▸ What to produce
Every line below from the one containing "(TG + (edgeT eG * TH))%type." through the one containing "cannot all share" must be transcribed exactly. Omit all lines outside that stretch.

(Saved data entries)
(* Let $m\geq 3$ and $n\geq 2$ be integers, let $K_m$ be the complete graph of order $m$ and $H_n$ a graph of order $n$. Then $rvc(K_m\diamond H_n)=\lceil m/3\rceil$.
   Context: All graphs are finite, simple, connected and undirected. A rainbow vertex $k$-coloring of $G$ is a map $c:V(G)\to\{1,\dots,k\}$ such that every two vertices are joined by a path whose internal vertices all receive distinct colors; $rvc(G)$ is the least $k$ for which $G$ has one. For graphs $G_m$ (order $m$) and $H_n$ (order $n$) on disjoint vertex sets, the edge corona $G_m\diamond H_n$ is obtained from one copy of $G_m$ and $|E(G_m)|$ vertex-disjoint copies of $H_n$, one per edge of $G_m$, by joining both end vertices of the $j$-th edge of $G_m$ to every vertex of the $j$-th copy of $H_n$. *)

From mathcomp Require Import all_boot.
Set Implicit Arguments. Unset Strict Implicit. Unset Printing Implicit Defensive.

Definition simple_graph (T : finType) (e : rel T) : Prop :=
  symmetric e /\ irreflexive e.

Definition connected_graph (T : finType) (e : rel T) : Prop :=
  forall x y : T, connect e x y.

Definition complete_rel (m : nat) : rel 'I_m := fun i j => i != j.
Arguments complete_rel m : clear implicits.

Definition edge_of (TG : finType) (eG : rel TG) : pred {set TG} :=
  fun E => [exists x, exists y, eG x y && (E == [set x; y])].

Definition edgeT (TG : finType) (eG : rel TG) := {E : {set TG} | edge_of eG E}.

Definition coronaV (TG TH : finType) (eG : rel TG) : finType :=
  (TG + (edgeT eG * TH))%type.

(* Adjacency in the edge corona: G-edges, H-edges inside each copy, and
   both endpoints of edge E joined to every vertex of the copy of H for E. *)
Definition corona_rel (TG TH : finType) (eG : rel TG) (eH : rel TH)
  : rel (coronaV TH eG) :=
  fun u v =>
    match u, v with
    | inl x, inl y => eG x y
    | inl x, inr (E, _) => x \in val E
    | inr (E, _), inl y => y \in val E
    | inr (E, h), inr (E', h') => (E == E') && eH h h'
    end.
Arguments corona_rel {TG TH} eG eH.

(* x and y are joined by a path x = v0, v1, ..., vl = y (the walk x :: p)
   whose internal vertices v1, ..., v(l-1) receive pairwise distinct colors. *)
Definition rainbow_connected (T : finType) (e : rel T) (k : nat)
  (c : T -> 'I_k) (x y : T) : Prop :=
  exists p : seq T,
    [/\ path e x p, last x p = y & uniq (map c (behead (belast x p)))].

Definition rainbow_vertex_coloring (T : finType) (e : rel T) (k : nat)
  (c : T -> 'I_k) : Prop :=
  forall x y : T, rainbow_connected e c x y.

Definition has_rvc (T : finType) (e : rel T) (k : nat) : Prop :=
  exists c : T -> 'I_k, rainbow_vertex_coloring e c.

Definition rvc_is (T : finType) (e : rel T) (k : nat) : Prop :=
  has_rvc e k /\ forall k', has_rvc e k' -> k <= k'.

From mathcomp Require Import all_boot zify.

Set Implicit Arguments. Unset Strict Implicit. Unset Printing Implicit Defensive.

(* A path between the copies of H attached to two distinct edges E, E' of a
   graph G must leave the first copy through an endpoint of E and enter the
   second through an endpoint of E', both internal vertices.  Hence, in a
   rainbow colouring of K_m <> H, no four vertices of K_m share a colour
   (two disjoint edges among them would be monochromatic), so m <= 3k.
   Conversely, if every colour class of K_m has at most three vertices, any
   two vertices are joined by a path with at most two internal vertices, and
   when two are needed (copies attached to disjoint edges) the four endpoints
   cannot all share a colour; i |-> i / 3 is such a colouring. *)

Definition internal (T : Type) (x : T) (p : seq T) : seq T := behead (belast x p).

Lemma mem_internal (T : eqType) (x : T) p u :
  u \in x :: p -> u != x -> u != last x p -> u \in internal x p.
Proof.
rewrite lastI mem_rcons inE /internal => /predU1P[->|]; first by rewrite eqxx.
by case: p => [|y p] //=; rewrite inE => /predU1P[->|]; first by rewrite eqxx.
Qed.

Lemma path_crossing_edge (T : eqType) (e : rel T) (P : pred T) x p :
  path e x p -> P x -> ~~ P (last x p) ->
  exists u v, [/\ u \in x :: p, v \in p, e u v, P u & ~~ P v].
Proof.
elim: p x => [|y p IH] x /=; first by move=> _ ->.
case/andP=> exy pth_y Px Plast; have [Py | nPy] := boolP (P y).
  have [u [v [up vp euv Pu nPv]]] := IH y pth_y Py Plast.
  exists u, v; split=> //; rewrite inE ?up ?vp ?orbT //.
by exists x, y; split; rewrite ?mem_head.
Qed.

Section Rainbow.
Variables (T : finType) (e : rel T) (k : nat) (c : T -> 'I_k).

Lemma rainbow_connected_refl x : rainbow_connected e c x x.
Proof. by exists [::]. Qed.

Lemma rainbow_connected_edge x y : e x y -> rainbow_connected e c x y.
Proof. by exists [:: y]; rewrite /= andbT. Qed.

Lemma rainbow_connected_path2 x u y : e x u -> e u y -> rainbow_connected e c x y.
Proof. by exists [:: u; y]; rewrite /= andbT; split=> //; apply/andP. Qed.

Lemma rainbow_connected_path3 x u v y :
  e x u -> e u v -> e v y -> c u != c v -> rainbow_connected e c x y.
Proof.
by exists [:: u; v; y]; rewrite /= !inE !andbT; split=> //; apply/and3P.
Qed.

End Rainbow.

Lemma map_uniq_inj_in (T1 T2 : eqType) (f : T1 -> T2) (s : seq T1) :
  uniq (map f s) -> {in s &, injective f}.
Proof.
elim: s => [|z s IH] //= /andP[fz_notin uniq_fs] x y; rewrite !inE.
case/predU1P=> [->|xs] /predU1P[->|ys] // fxy.
- by rewrite fxy map_f in fz_notin.
- by rewrite -fxy map_f in fz_notin.
- exact: IH.
Qed.

Section EdgeCorona.
Variables (TG TH : finType) (eG : rel TG) (eH : rel TH).
Notation V := (coronaV TH eG).
Notation e := (corona_rel eG eH).

Lemma edge_endpoints (E : edgeT eG) : exists x y, eG x y /\ val E = [set x; y].
Proof. by case: E => E /= /existsP[x /existsP[y /andP[exy /eqP->]]]; exists x, y. Qed.

Lemma edge_nonempty (E : edgeT eG) : exists x, x \in val E.
Proof. by have [x [y [_ ->]]] := edge_endpoints E; exists x; rewrite set21. Qed.

Lemma card_edge (eG_irr : irreflexive eG) (E : edgeT eG) : #|val E| = 2.
Proof.
have [x [y [exy ->]]] := edge_endpoints E.
by rewrite cards2; case: eqVneq exy => [->|]; rewrite ?eG_irr.
Qed.

Definition in_copy (E : edgeT eG) (u : V) : bool :=
  if u is inr (F, _) then F == E else false.

Lemma corona_leave_copy E u v :
  e u v -> in_copy E u -> ~~ in_copy E v -> exists2 y, v = inl y & y \in val E.
Proof.
case: u => [//|[F h]]; case: v => [y|[F' h']] /=.
  by move=> Fy /eqP FE; exists y; rewrite -?FE.
by case/andP=> /eqP -> _ ->.
Qed.

Lemma corona_enter_copy E u v :
  e u v -> ~~ in_copy E u -> in_copy E v -> exists2 z, u = inl z & z \in val E.
Proof.
case: v => [//|[F h]]; case: u => [z|[F' h']] /=.
  by move=> Fz _ /eqP FE; exists z; rewrite -?FE.
by case/andP=> /eqP -> _ /negPf ->.
Qed.

Lemma corona_path_between_copies (E E' : edgeT eG) h h' p :
  E != E' -> path e (inr (E, h)) p -> last (inr (E, h)) p = inr (E', h') ->
  exists y z, [/\ y \in val E, z \in val E', inl y \in internal (inr (E, h)) p
                & inl z \in internal (inr (E, h)) p].
Proof.
move=> EE' pth lst.
have out_E : ~~ in_copy E (last (inr (E, h)) p) by rewrite lst /= eq_sym.
have [u [v [_ vp euv Eu nEv]]] := path_crossing_edge pth (eqxx E) out_E.
have [y ? yE] := corona_leave_copy euv Eu nEv; subst v.
have out_E' : ~~ in_copy E' (inr (E, h)) by [].
have in_E' : ~~ ~~ in_copy E' (last (inr (E, h)) p) by rewrite lst /= eqxx.
have [u' [v' [u'p _ eu'v' nE'u' E'v']]] :=
  path_crossing_edge (P := [pred u | ~~ in_copy E' u]) pth out_E' in_E'.
have [z ? zE'] := corona_enter_copy eu'v' nE'u' (negbNE E'v'); subst u'.
by exists y, z; split=> //; apply: mem_internal; rewrite ?lst // inE vp orbT.
Qed.

Lemma rainbow_corona_monochromatic_edges_meet k (c : V -> 'I_k) (h : TH) j
    (E E' : edgeT eG) :
  rainbow_vertex_coloring e c -> {in val E :|: val E', forall x, c (inl x) = j} ->
  ~~ [disjoint val E & val E'].
Proof.
move=> rainbow_c mono; rewrite -setI_eq0; apply/set0Pn.
have [<-|EE'] := eqVneq E E'.
  by have [x xE] := edge_nonempty E; exists x; rewrite setIid.
have [p [pth lst uniq_cp]] := rainbow_c (inr (E, h)) (inr (E', h)).
have [y [z [yE zE' y_int z_int]]] := corona_path_between_copies EE' pth lst.
have cy : c (inl y) = j by apply: mono; rewrite inE yE.
have cz : c (inl z) = j by apply: mono; rewrite inE zE' orbT.
have [yz] := map_uniq_inj_in uniq_cp y_int z_int (etrans cy (esym cz)).
by exists y; rewrite inE yE yz zE'.
Qed.

End EdgeCorona.

Lemma leq_card_fibers (T rT : finType) (f : T -> rT) q :
  (forall j, #|[set x | f x == j]| <= q) -> #|T| <= #|rT| * q.
Proof.
move=> fiber_le; rewrite -sum1_card (partition_big f predT) //= -sum_nat_const.
by apply: leq_sum => j _; rewrite sum1dep_card.
Qed.

Lemma fibers_separate (T rT : finType) (f : T -> rT) q (A B : {set T}) :
  (forall j, #|[set x | f x == j]| <= q) -> [disjoint A & B] ->
  0 < #|A| -> 0 < #|B| -> q < #|A| + #|B| ->
  exists x y, [/\ x \in A, y \in B & f x != f y].
Proof.
move=> fiber_le disjAB /card_gt0P[a aA] /card_gt0P[b bB] AB_gt_q.
have [/existsP[x /existsP[y /and3P[xA yB fxy]]]|] :=
  boolP [exists x, exists y, [&& x \in A, y \in B & f x != f y]].
  by exists x, y.
rewrite negb_exists => /forallP same; suff: #|A| + #|B| <= q by rewrite leqNgt AB_gt_q.
have {}same x y : x \in A -> y \in B -> f x = f y.
  move=> xA yB; apply/eqP; move: (same x); rewrite negb_exists => /forallP/(_ y).
  by rewrite xA yB negbK.
rewrite -(cardsUI A B) (disjoint_setI0 disjAB) cards0 addn0.
apply: leq_trans (fiber_le (f b)); apply/subset_leq_card/subsetP => x.
rewrite !inE => /orP[xA|xB]; apply/eqP; first exact: same.
by rewrite -(same a x aA xB) (same a b aA bB).
Qed.

Section CompleteCorona.
Variables (m : nat) (TH : finType) (eH : rel TH).
Notation V := (coronaV TH (complete_rel m)).
Notation e := (corona_rel (complete_rel m) eH).

Lemma complete_rel_irreflexive : irreflexive (complete_rel m).
Proof. by move=> i; rewrite /complete_rel eqxx. Qed.

Lemma complete_edge (a b : 'I_m) : a != b -> edge_of (complete_rel m) [set a; b].
Proof.
move=> ab; apply/existsP; exists a; apply/existsP; exists b.
by rewrite /complete_rel ab eqxx.
Qed.

Lemma rainbow_complete_corona_class_le3 k (c : V -> 'I_k) (h : TH) j :
  rainbow_vertex_coloring e c -> #|[set i | c (inl i) == j]| <= 3.
Proof.
move=> rainbow_c; rewrite leqNgt; apply/negP; set A := [set i | _] => A_gt3.
have /card_gt1P[a [b [aA bA ab]]] : 1 < #|A| by lia.
have /card_gt1P[a' [b' [a'A b'A a'b']]] : 1 < #|A :\: [set a; b]|.
  have := cardsID [set a; b] A; have := subset_leq_card (subsetIr A [set a; b]).
  rewrite cards2 ab; lia.
have abA : [set a; b] \subset A by rewrite subUset !sub1set aA bA.
have /andP[a'b'A disj] :
    ([set a'; b'] \subset A) && [disjoint [set a'; b'] & [set a; b]].
  by rewrite -subsetD subUset !sub1set a'A b'A.
pose E : edgeT (complete_rel m) := exist _ [set a; b] (complete_edge ab).
pose E' : edgeT (complete_rel m) := exist _ [set a'; b'] (complete_edge a'b').
have ABA : [set a; b] :|: [set a'; b'] \subset A by rewrite subUset abA a'b'A.
have mono : {in val E :|: val E', forall x, c (inl x) = j}.
  by move=> x /(subsetP ABA); rewrite inE => /eqP.
have := rainbow_corona_monochromatic_edges_meet h rainbow_c mono.
by rewrite disjoint_sym disj.
Qed.

Lemma rainbow_complete_corona_of_class_le3 k (c : V -> 'I_k) :
  (forall j, #|[set i | c (inl i) == j]| <= 3) -> rainbow_vertex_coloring e c.
Proof.
move=> class_le3 [x|[E h]] [y|[E' h']].
- have [<-|xy] := eqVneq x y; first exact: rainbow_connected_refl.
  exact: rainbow_connected_edge.
- have [xE'|xE'] := boolP (x \in val E'); first exact: rainbow_connected_edge.
  have [a aE'] := edge_nonempty E'.
  apply: (rainbow_connected_path2 c (u := inl a)) => //=.
  by apply: contraNneq xE' => ->.
- have [yE|yE] := boolP (y \in val E); first exact: rainbow_connected_edge.
  have [a aE] := edge_nonempty E.
  apply: (rainbow_connected_path2 c (u := inl a)) => //=.
  by apply: contraNneq yE => <-.
- have [disj|] := boolP [disjoint val E & val E']; last first.
    rewrite -setI_eq0 => /set0Pn[a /setIP[aE aE']].
    exact: (rainbow_connected_path2 c (u := inl a)).
  have card_E := card_edge complete_rel_irreflexive.
  have [x [y [xE yE' cxy]]] :
      exists x y, [/\ x \in val E, y \in val E' & c (inl x) != c (inl y)].
    by apply: (fibers_separate class_le3 disj); rewrite ?card_E.
  apply: (rainbow_connected_path3 (u := inl x) (v := inl y)) => //=.
  by apply: contraNneq cxy => ->.
Qed.

End CompleteCorona.

Lemma card_div3_class m q : #|[set i : 'I_m | i %/ 3 == q]| <= 3.
Proof.
pose mod3 (i : 'I_m) : 'I_3 := Ordinal (ltn_pmod i (isT : 0 < 3)).
have mod3_inj : {in [set i : 'I_m | i %/ 3 == q] &, injective mod3}.
  move=> i j; rewrite !inE => /eqP iq /eqP jq [] ij_mod; apply: val_inj.
  by rewrite /= (divn_eq i 3) (divn_eq j 3) iq jq ij_mod.
by have := @leq_card_in _ _ mod3 _ mod3_inj; rewrite card_ord.
Qed.

Section ThirdsColoring.
Variables (m : nat) (TH : finType) (m_gt0 : 0 < m).

Lemma div3_lt_ceil_div3 (i : 'I_m) : i %/ 3 < (m + 2) %/ 3.
Proof. by have := ltn_ord i; lia. Qed.

Lemma ceil_div3_gt0 : 0 < (m + 2) %/ 3.
Proof. by lia. Qed.

Definition thirds_coloring (u : coronaV TH (complete_rel m)) : 'I_((m + 2) %/ 3) :=
  if u is inl i then Ordinal (div3_lt_ceil_div3 i) else Ordinal ceil_div3_gt0.

Lemma thirds_coloring_class j : #|[set i | thirds_coloring (inl i) == j]| <= 3.
Proof.
apply: leq_trans (card_div3_class m j); apply/subset_leq_card/subsetP => i.
by rewrite !inE -(inj_eq val_inj).
Qed.

End ThirdsColoring.

Theorem theorem8 (m n : nat) (TH : finType) (eH : rel TH) :
  3 <= m -> 2 <= n -> #|TH| = n ->
  simple_graph eH -> connected_graph eH ->
  rvc_is (corona_rel (complete_rel m) eH) ((m + 2) %/ 3).
Proof.
move=> m_ge3 n_ge2 card_TH _ _.
have /card_gt0P[h _] : 0 < #|TH| by rewrite card_TH (leq_trans _ n_ge2).
have m_gt0 : 0 < m by apply: leq_trans m_ge3.
split.
  exists (thirds_coloring m_gt0).
  exact/rainbow_complete_corona_of_class_le3/thirds_coloring_class.
move=> k [c rainbow_c].
have := leq_card_fibers (fun j => rainbow_complete_corona_class_le3 h j rainbow_c).
rewrite !card_ord; lia.
Qed.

▸ Solution to the exercise
  (TG + (edgeT eG * TH))%type.

(* Adjacency in the edge corona: G-edges, H-edges inside each copy, and
   both endpoints of edge E joined to every vertex of the copy of H for E. *)
Definition corona_rel (TG TH : finType) (eG : rel TG) (eH : rel TH)
  : rel (coronaV TH eG) :=
  fun u v =>
    match u, v with
    | inl x, inl y => eG x y
    | inl x, inr (E, _) => x \in val E
    | inr (E, _), inl y => y \in val E
    | inr (E, h), inr (E', h') => (E == E') && eH h h'
    end.
Arguments corona_rel {TG TH} eG eH.

(* x and y are joined by a path x = v0, v1, ..., vl = y (the walk x :: p)
   whose internal vertices v1, ..., v(l-1) receive pairwise distinct colors. *)
Definition rainbow_connected (T : finType) (e : rel T) (k : nat)
  (c : T -> 'I_k) (x y : T) : Prop :=
  exists p : seq T,
    [/\ path e x p, last x p = y & uniq (map c (behead (belast x p)))].

Definition rainbow_vertex_coloring (T : finType) (e : rel T) (k : nat)
  (c : T -> 'I_k) : Prop :=
  forall x y : T, rainbow_connected e c x y.

Definition has_rvc (T : finType) (e : rel T) (k : nat) : Prop :=
  exists c : T -> 'I_k, rainbow_vertex_coloring e c.

Definition rvc_is (T : finType) (e : rel T) (k : nat) : Prop :=
  has_rvc e k /\ forall k', has_rvc e k' -> k <= k'.

From mathcomp Require Import all_boot zify.

Set Implicit Arguments. Unset Strict Implicit. Unset Printing Implicit Defensive.

(* A path between the copies of H attached to two distinct edges E, E' of a
   graph G must leave the first copy through an endpoint of E and enter the
   second through an endpoint of E', both internal vertices.  Hence, in a
   rainbow colouring of K_m <> H, no four vertices of K_m share a colour
   (two disjoint edges among them would be monochromatic), so m <= 3k.
   Conversely, if every colour class of K_m has at most three vertices, any
   two vertices are joined by a path with at most two internal vertices, and
   when two are needed (copies attached to disjoint edges) the four endpoints
   cannot all share a colour; i |-> i / 3 is such a colouring. *)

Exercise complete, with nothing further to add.